STOCKHOLDER PROPOSALS

        A stockholder who would like to have a proposal considered for inclusion in our 2020 proxy statement must submit the proposal in accordance with the procedures outlined in Rule 14a-8 of the Exchange Act so that it is received by us no later than December 3, 2019. However, if the date of the 2020 Annual Meeting of Stockholders is changed by more than 30 days from the date of the previous year's meeting, then the deadline is a reasonable time before we begin to print and send our proxy statement for the 2020 Annual Meeting of Stockholders. SEC rules set standards for eligibility and specify the types of stockholder proposals that may be excluded from a proxy statement. Stockholder proposals should be addressed to Aptinyx Inc., 909 Davis Street, Suite 600, Evanston, Illinois 60201, Attention: Corporate Secretary.

        If a stockholder wishes to propose a nomination of persons for election to our board of directors or present a proposal at an annual meeting but does not wish to have the proposal considered for inclusion in our proxy statement and proxy card, our bylaws establish an advance notice procedure for such nominations and proposals.
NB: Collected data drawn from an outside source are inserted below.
(* Let $\mathcal U\in\mathrm{Ch}(A'B',AB)$ be a two-qubit unitary channel ($|A'|=|B'|=|A|=|B|=2$) with Choi state $\Phi^{\mathcal U}_{R_AAR_BB}$. Then the state \[ \rho_{R_BB}:=\frac{\sqrt{\Phi^{\mathcal U}_{R_BB}}}{\operatorname{tr}\sqrt{\Phi^{\mathcal U}_{R_BB}}} \] is the Choi state of a unital qubit channel from $B'$ to $B$; that is, $\operatorname{tr}_B\rho_{R_BB}=\mathbb 1_{R_B}/2$ and $\operatorname{tr}_{R_B}\rho_{R_BB}=\mathbb 1_B/2$.
   Context: Maximally entangled state $\Phi_{RX}:=\frac1{|X|}\sum_{i,j}|ii\rangle\langle jj|$; Choi state of a bipartite channel $\mathcal N$ from $A'B'$ to $AB$: $\Phi^{\mathcal N}_{R_AAR_BB}:=(\mathrm{id}_{R_AR_B}\otimes\mathcal N)(\Phi_{R_AA'}\otimes\Phi_{R_BB'})$ with $R_A\simeq A'$, $R_B\simeq B'$; $\Phi^{\mathcal U}_{R_BB}$ denotes its marginal on $R_BB$. *)

From HB Require Import structures.
From mathcomp Require Import all_boot all_order all_algebra.
From mathcomp Require Export spectral sesquilinear.
From mathcomp Require Export mxtens.
Set Implicit Arguments.
Unset Strict Implicit.
Unset Printing Implicit Defensive.
Import Order.TTheory GRing.Theory Num.Theory.
Local Open Scope ring_scope.
Local Open Scope sesquilinear_scope.

Section QDefs.
Variable C : numClosedFieldType.

(* Composite index: the pair (i, j) of 'I_m * 'I_n is the index i*n+j of 'I_(m*n). *)
Definition tidx {m n} (i : 'I_m) (j : 'I_n) : 'I_(m * n) := mxtens_index (i, j).
Definition fstidx {m n} (k : 'I_(m * n)) : 'I_m := (mxtens_unindex k).1.
Definition sndidx {m n} (k : 'I_(m * n)) : 'I_n := (mxtens_unindex k).2.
Stockholders at an annual meeting may only consider proposals or nominations specified in the notice of meeting or brought before the meeting by or at the direction of the board of directors or by a stockholder of record on the record date for the meeting, who is entitled to vote at the meeting and who has delivered timely notice in proper form to our corporate secretary of the stockholder's intention to bring such business before the meeting.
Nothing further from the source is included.